_WHAT IS EXPECTED:_ Which lines below fall between the one containing "Lemma mass_gt1_eq0 : mass" and the one containing "by rewrite (ler_nat R 1)"? Repeat them exactly, counting both of those lines, and add nothing else.

[[ INFORMATION open ]]

(* Let $\vec B$ be a binary digit vector with scale factor $N$ and cumulative digit function $g$. Then $F_{\vec B}(k/N)=g(k)/\|\vec B\|$ for all $k\in\{0,\dots,N\}$.
   Context: A binary digit vector of length (scale factor) $N\ge3$ is $\vec B=(b_0,\dots,b_{N-1})\in\{0,1\}^N$ with $2\le\|\vec B\|:=\sum_i b_i\le N-1$; its digit set is $D=\{i:b_i=1\}$. With $\phi_d(x)=(x+d)/N$ for $d\in D$, let $\mu_{\vec B}$ be the unique Borel probability measure with $\mu_{\vec B}=\frac{1}{\|\vec B\|}\sum_{d\in D}\mu_{\vec B}\circ\phi_d^{-1}$, supported on the attractor $C_{\vec B}\subset[0,1]$. The CDF is $F_{\vec B}(x)=\mu_{\vec B}([0,x])$. The cumulative digit function is $g(0)=0$, $g(i)=\sum_{j=0}^{i-1}b_j$ for $1\le i\le N$. *)

From HB Require Import structures.
From mathcomp Require Import all_boot all_order all_algebra.
From mathcomp Require Import all_classical all_reals all_analysis.
Set Implicit Arguments. Unset Strict Implicit. Unset Printing Implicit Defensive.
Import Order.TTheory GRing.Theory Num.Theory.
Local Open Scope classical_set_scope.
Local Open Scope ring_scope.

(* A binary digit vector of length N is b : 'I_N -> bool; digit set D = {i | b i}. *)
Definition digit_norm (N : nat) (b : 'I_N -> bool) : nat := (\sum_(i < N) (b i : nat))%N.

Definition is_binary_digit_vector (N : nat) (b : 'I_N -> bool) : Prop :=
  (3 <= N)%N /\ (2 <= digit_norm b)%N /\ (digit_norm b <= N - 1)%N.

Definition cum_digit (N : nat) (b : 'I_N -> bool) (k : nat) : nat :=
  (\sum_(j < N | (j < k)%N) (b j : nat))%N.

Definition phi_map {R : realType} (N : nat) (d : nat) (x : R) : R :=
  (x + d%:R) / N%:R.

Definition is_self_similar {R : realType} (N : nat) (b : 'I_N -> bool)
  (mu : set R -> \bar R) : Prop :=
  forall A : set R, measurable A ->
    (mu A = ((digit_norm b)%:R^-1)%:E *
           \sum_(d < N | b d) mu (phi_map N d @^-1` A))%E.

Definition digit_cdf {R : realType} (mu : set R -> \bar R) (x : R) : R :=
  fine (mu `[0, x]%classic).

From HB Require Import structures.
From mathcomp Require Import all_boot all_order all_algebra.
From mathcomp Require Import all_classical all_reals all_analysis.
From mathcomp Require Import zify lra.
Import Order.TTheory GRing.Theory Num.Theory.
Local Open Scope classical_set_scope.
Local Open Scope ring_scope.

(* The measure mu lives on ]0, 1] up to a null set.  Every branch map pulls
   a far tail back into a farther one, so by self-similarity the mass of such a
   tail is at most that of every farther tail, hence zero by continuity from
   above.  The last branch pulls ]1, +oo[ back into itself and all others pull
   it into the null tail ]2, +oo[, so its mass is at most 1/||B|| times itself,
   hence zero; symmetrically for ]-oo, 0] with the first branch.  Finally the
   branch of digit d pulls [0, k/N] back to [-d, k - d], which carries full
   mass when d < k and none otherwise, and self-similarity counts the digits
   below k. *)

Lemma measurable_phi_map_preimage (R : realType) (N d : nat) (A : set R) :
  measurable A -> measurable (phi_map N d @^-1` A).
Proof.
move=> mA; rewrite -[_ @^-1` _]setTI.
suff mphi : measurable_fun setT (phi_map N d : R -> R) by exact: mphi.
apply: measurable_realfun.continuous_measurable_fun => x.
by apply: cvgMl; apply: cvgD; [exact: cvg_id | exact: cvg_cst].
Qed.

Lemma sum_digits_cst (R : pzSemiRingType) (N : nat) (b : 'I_N -> bool) (c : R) :
  \sum_(d < N | b d) c = (digit_norm b)%:R * c.
Proof.
rewrite big_mkcond /digit_norm natr_sum mulr_suml; apply: eq_bigr => i _.
by case: (b i); rewrite ?mul1r ?mul0r.
Qed.

Lemma cum_digitE (R : pzSemiRingType) (N : nat) (b : 'I_N -> bool) (k : nat) :
  (cum_digit b k)%:R = \sum_(d < N | b d) ((d < k)%N)%:R :> R.
Proof.
rewrite /cum_digit natr_sum big_mkcond [RHS]big_mkcond; apply: eq_bigr => d _.
by case: (b d); case: (d < k)%N.
Qed.

Lemma fine_measure_bigcap_ge d (T : measurableType d) (R : realType)
    (P : probability T R) (E : (set T)^nat) (c : R) :
  (forall k, measurable (E k)) -> {homo E : i j / (i <= j)%N >-> j `<=` i} ->
  (forall k, c <= fine (P (E k))) -> c <= fine (P (\bigcap_k E k)).
Proof.
move=> mE decE cE.
have mcapE : measurable (\bigcap_k E k) by exact: bigcap_measurable.
have cvgE : P \o E @ \oo --> P (\bigcap_k E k).
  apply: nonincreasing_cvg_mu => //.
    by rewrite (le_lt_trans (probability_le1 _ (mE 0%N))) ?ltry.
  by move=> i j ij; apply/subsetPset; exact: decE.
rewrite -lee_fin fineK ?fin_num_measure //.
rewrite -(cvg_lim _ cvgE) //; apply: lime_ge; first exact: (cvgP _ cvgE).
by apply: nearW => k; rewrite /= -[P (E k)]fineK ?fin_num_measure // lee_fin.
Qed.

Section self_similar_measure.
Variables (R : realType) (N : nat) (b : 'I_N -> bool) (mu : probability R R).
Hypotheses (N_gt1 : (1 < N)%N) (norm_gt1 : (1 < digit_norm b)%N).
Hypothesis mu_self_similar : is_self_similar b mu.

Local Notation mass A := (fine (mu A)).
Local Notation phi d := (phi_map N d : R -> R).

Let N_ge2R : 2 <= N%:R :> R. Proof. by rewrite (ler_nat R 2). Qed.
Let N_gt0R : 0 < N%:R :> R. Proof. by apply: lt_le_trans N_ge2R. Qed.
Let norm_gt1R : 1 < (digit_norm b)%:R :> R. Proof. by rewrite ltr1n. Qed.

Lemma massE (A : set R) : measurable A -> mu A = (mass A)%:E.
Proof. by move=> mA; rewrite fineK ?fin_num_measure. Qed.

Lemma mass_ge0 (A : set R) : 0 <= mass A.
Proof. exact: fine_ge0. Qed.

Lemma le_mass (A B : set R) :
  measurable A -> measurable B -> A `<=` B -> mass A <= mass B.
Proof.
move=> mA mB AB; rewrite -lee_fin -!massE //.
by apply: le_measure => //; rewrite inE.
Qed.

Lemma mass_setU_le (A B : set R) :
  measurable A -> measurable B -> mass (A `|` B) <= mass A + mass B.
Proof.
move=> mA mB; rewrite -lee_fin EFinD -!massE //; last exact: measurableU.
exact: measureU2.
Qed.

Lemma subset_mass_eq0 (A B : set R) :
  measurable A -> measurable B -> A `<=` B -> mass B = 0 -> mass A = 0.
Proof.
move=> mA mB AB B0; apply/le_anti; rewrite mass_ge0 andbT -B0.
exact: le_mass.
Qed.

Lemma mass_self_similar (A : set R) : measurable A ->
  mass A = (digit_norm b)%:R^-1 * \sum_(d < N | b d) mass (phi d @^-1` A).
Proof.
move=> mA; apply: EFin_inj; rewrite -massE // mu_self_similar // EFinM -sumEFin.
congr (_ * _)%E; apply: eq_bigr => d _.
by rewrite massE //; exact: measurable_phi_map_preimage.
Qed.

Lemma mass_le_of_preimages_sub (A B : set R) : measurable A -> measurable B ->
  (forall d : 'I_N, phi d @^-1` A `<=` B) -> mass A <= mass B.
Proof.
move=> mA mB AB; rewrite mass_self_similar //.
apply: (@le_trans _ _ ((digit_norm b)%:R^-1 * \sum_(d < N | b d) mass B)).
  rewrite ler_wpM2l ?invr_ge0 ?ler0n //; apply: ler_sum => d _.
  by apply: le_mass => //; exact: measurable_phi_map_preimage.
by rewrite sum_digits_cst mulrA mulVf ?mul1r // gt_eqF // (lt_trans ltr01).
Qed.

Lemma mass_eq0_of_escaping (E : (set R)^nat) :
  (forall k, measurable (E k)) -> {homo E : i j / (i <= j)%N >-> j `<=` i} ->
  \bigcap_k E k = set0 -> (forall k (d : 'I_N), phi d @^-1` E k `<=` E k.+1) ->
  mass (E 0%N) = 0.
Proof.
move=> mE decE capE escE; apply/le_anti; rewrite mass_ge0 andbT.
rewrite -(@fine0 R) -(measure0 mu) -capE.
apply: fine_measure_bigcap_ge => // k; elim: k => [//|k IHk].
by apply: (le_trans IHk); apply: mass_le_of_preimages_sub.
Qed.

Lemma mass_eq0_of_invariant_branch (A : set R) (j : 'I_N) : measurable A ->
  (forall d : 'I_N, d != j -> mass (phi d @^-1` A) = 0) ->
  phi j @^-1` A `<=` A -> mass A = 0.
Proof.
move=> mA nullA jA; apply/le_anti; rewrite mass_ge0 andbT.
(* Only the branch j contributes, so mass A <= mass A / ||B|| with ||B|| > 1. *)
have : mass A <= (digit_norm b)%:R^-1 * mass A.
  rewrite {1}mass_self_similar // ler_wpM2l ?invr_ge0 ?ler0n // big_mkcond /=.
  apply: (@le_trans _ _ (\sum_(d < N) mass (phi d @^-1` A))).
    by apply: ler_sum => d _; case: (b d); rewrite ?mass_ge0.
  rewrite (bigD1 j) //= big1 ?addr0; last by move=> d /nullA.
  by apply: le_mass => //; exact: measurable_phi_map_preimage.
have : (digit_norm b)%:R^-1 < 1 :> R by rewrite invf_lt1 // (lt_trans ltr01).
have := mass_ge0 A; nra.
Qed.

Lemma mass_gt2_eq0 : mass `]2, +oo[%classic = 0.
Proof.
rewrite -[2]add0r.
apply: (mass_eq0_of_escaping (fun k => `]k%:R + 2, +oo[%classic)).
- by [].
- move=> i j ij x /=; rewrite !in_itv /= !andbT; apply: le_lt_trans.
  by rewrite lerD2r ler_nat.
- rewrite -subset0 => x /(_ (Num.truncn x) I); rewrite /= in_itv /= andbT.
  have := truncnS_gt x; rewrite -addn1 natrD; lra.
- move=> k d x; rewrite /= !in_itv /= !andbT ltr_pdivlMr //.
  have dN : d%:R + 1 <= N%:R :> R by rewrite natr1 ler_nat.
  have k0 : 0 <= k%:R :> R by rewrite ler0n.
  have kN : 0 <= (k%:R + 1) * (N%:R - 2) :> R.
    by apply: mulr_ge0; [lra | rewrite subr_ge0].
  rewrite -natr1; nra.
Qed.

Lemma mass_leN1_eq0 : mass `]-oo, -1]%classic = 0.
Proof.
rewrite -[1]add0r.
apply: (mass_eq0_of_escaping (fun k => `]-oo, - (k%:R + 1)]%classic)).
- by [].
- move=> i j ij x /=; rewrite !in_itv /= => /le_trans; apply.
  by rewrite lerN2 lerD2r ler_nat.
- rewrite -subset0 => x /(_ (Num.truncn (- x)) I); rewrite /= in_itv /=.
  have := truncnS_gt (- x); rewrite -addn1 natrD; lra.
- move=> k d x; rewrite /= !in_itv /= ler_pdivrMr //.
  have d0 : 0 <= d%:R :> R by rewrite ler0n.
  have k0 : 0 <= k%:R :> R by rewrite ler0n.
  have kN : 0 <= (k%:R + 1) * (N%:R - 2) :> R.
    by apply: mulr_ge0; [lra | rewrite subr_ge0].
  rewrite -natr1; nra.
Qed.

Lemma mass_gt1_eq0 : mass `]1, +oo[%classic = 0.
Proof.
have lastN : (N.-1 < N)%N by rewrite prednK // ltnW.
apply: (@mass_eq0_of_invariant_branch _ (Ordinal lastN)) => //.
- move=> d dlast.
  apply: (subset_mass_eq0 _ _ _ _ _ mass_gt2_eq0) => //.
    exact: measurable_phi_map_preimage.
  have d2N : d%:R + 2 <= N%:R :> R.
    rewrite -natrD ler_nat; move: dlast (ltn_ord d).
    by rewrite -(inj_eq val_inj) /=; lia.
  by move=> x /=; rewrite !in_itv /= !andbT ltr_pdivlMr // mul1r; lra.
- move=> x /=; rewrite !in_itv /= !andbT ltr_pdivlMr // mul1r.
  have NR1 : (N.-1)%:R + 1 = N%:R :> R by rewrite natr1 prednK // ltnW.
  lra.
Qed.

Lemma mass_le0_eq0 : mass `]-oo, 0]%classic = 0.
Proof.
apply: (@mass_eq0_of_invariant_branch _ (Ordinal (ltnW N_gt1))) => //.
- move=> d d0.
  apply: (subset_mass_eq0 _ _ _ _ _ mass_leN1_eq0) => //.
    exact: measurable_phi_map_preimage.
  have d1 : 1 <= d%:R :> R.
    by rewrite (ler_nat R 1) lt0n; move: d0; rewrite -(inj_eq val_inj).
  by move=> x /=; rewrite !in_itv /= ler_pdivrMr // mul0r; lra.
- by move=> x /=; rewrite !in_itv /= ler_pdivrMr // mul0r addr0.
Qed.

Lemma mass_eq0_outside_itvoc01 (A : set R) :
  measurable A -> A `<=` `]-oo, 0]%classic `|` `]1, +oo[%classic -> mass A = 0.
Proof.
have mout : measurable (`]-oo, 0]%classic `|` `]1, +oo[%classic : set R).
  exact: measurableU.
move=> mA Aout; apply: (subset_mass_eq0 _ _ mA mout Aout).
apply/le_anti; rewrite mass_ge0 andbT.
apply: le_trans (mass_setU_le _ _ _ _) _ => //.
by rewrite mass_le0_eq0 mass_gt1_eq0 addr0.
Qed.

Lemma mass_eq1_itvoc01_sub (A : set R) :
  measurable A -> `]0, 1]%classic `<=` A -> mass A = 1.
Proof.
move=> mA A01; have : mass (~` A) = 0.
  apply: mass_eq0_outside_itvoc01; first exact: measurableC.
  move=> x /= Ax; case: (leP x 0) => x0; first by left; rewrite /= in_itv.
  case: (leP x 1) => x1; last by right; rewrite /= in_itv /= x1.
  by exfalso; apply/Ax/A01; rewrite /= in_itv /= x0 x1.
rewrite probability_setC // massE // -EFinB /=.
by move/eqP; rewrite subr_eq0 => /eqP <-.
Qed.

Lemma mass_phi_preimage_itv0 (d k : nat) :
  mass (phi d @^-1` `[0, k%:R / N%:R]%classic) = ((d < k)%N)%:R.
Proof.
have mphiI : measurable (phi d @^-1` `[0, k%:R / N%:R]%classic).
  exact: measurable_phi_map_preimage.
have d0 : 0 <= d%:R :> R by rewrite ler0n.
case: ltnP => dk.
- apply: mass_eq1_itvoc01_sub => // x; rewrite /= !in_itv /= => /andP[x0 x1].
  have dk1 : d%:R + 1 <= k%:R :> R by rewrite natr1 ler_nat.
  by rewrite ler_pM2r ?invr_gt0 // pmulr_lge0 ?invr_gt0 //; apply/andP; lra.
- apply: mass_eq0_outside_itvoc01 => // x; rewrite /= !in_itv /= => /andP[_].
  have kd : k%:R <= d%:R :> R by rewrite ler_nat.
  by rewrite ler_pM2r ?invr_gt0 // => xk; left; lra.
Qed.

End self_similar_measure.

Theorem lemma2p2 (R : realType) (N : nat) (b : 'I_N -> bool)
  (mu : probability R R) :
  is_binary_digit_vector b ->
  is_self_similar b mu ->
  forall k : nat, (k <= N)%N ->
    digit_cdf mu (k%:R / N%:R) = (cum_digit b k)%:R / (digit_norm b)%:R.
Proof.
move=> [N_gt2 [norm_gt1 _]] mu_ss k _.
rewrite /digit_cdf (@mass_self_similar _ _ _ _ mu_ss) // mulrC cum_digitE.
congr (_ * _); apply: eq_bigr => d _.
by rewrite (@mass_phi_preimage_itv0 _ _ _ _ (ltnW N_gt2) norm_gt1 mu_ss).
Qed.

[[ INFORMATION closed ]]

_ANSWER TO THIS EXERCISE:_
Lemma mass_gt1_eq0 : mass `]1, +oo[%classic = 0.
Proof.
have lastN : (N.-1 < N)%N by rewrite prednK // ltnW.
apply: (@mass_eq0_of_invariant_branch _ (Ordinal lastN)) => //.
- move=> d dlast.
  apply: (subset_mass_eq0 _ _ _ _ _ mass_gt2_eq0) => //.
    exact: measurable_phi_map_preimage.
  have d2N : d%:R + 2 <= N%:R :> R.
    rewrite -natrD ler_nat; move: dlast (ltn_ord d).
    by rewrite -(inj_eq val_inj) /=; lia.
  by move=> x /=; rewrite !in_itv /= !andbT ltr_pdivlMr // mul1r; lra.
- move=> x /=; rewrite !in_itv /= !andbT ltr_pdivlMr // mul1r.
  have NR1 : (N.-1)%:R + 1 = N%:R :> R by rewrite natr1 prednK // ltnW.
  lra.
Qed.

Lemma mass_le0_eq0 : mass `]-oo, 0]%classic = 0.
Proof.
apply: (@mass_eq0_of_invariant_branch _ (Ordinal (ltnW N_gt1))) => //.
- move=> d d0.
  apply: (subset_mass_eq0 _ _ _ _ _ mass_leN1_eq0) => //.
    exact: measurable_phi_map_preimage.
  have d1 : 1 <= d%:R :> R.
    by rewrite (ler_nat R 1) lt0n; move: d0; rewrite -(inj_eq val_inj).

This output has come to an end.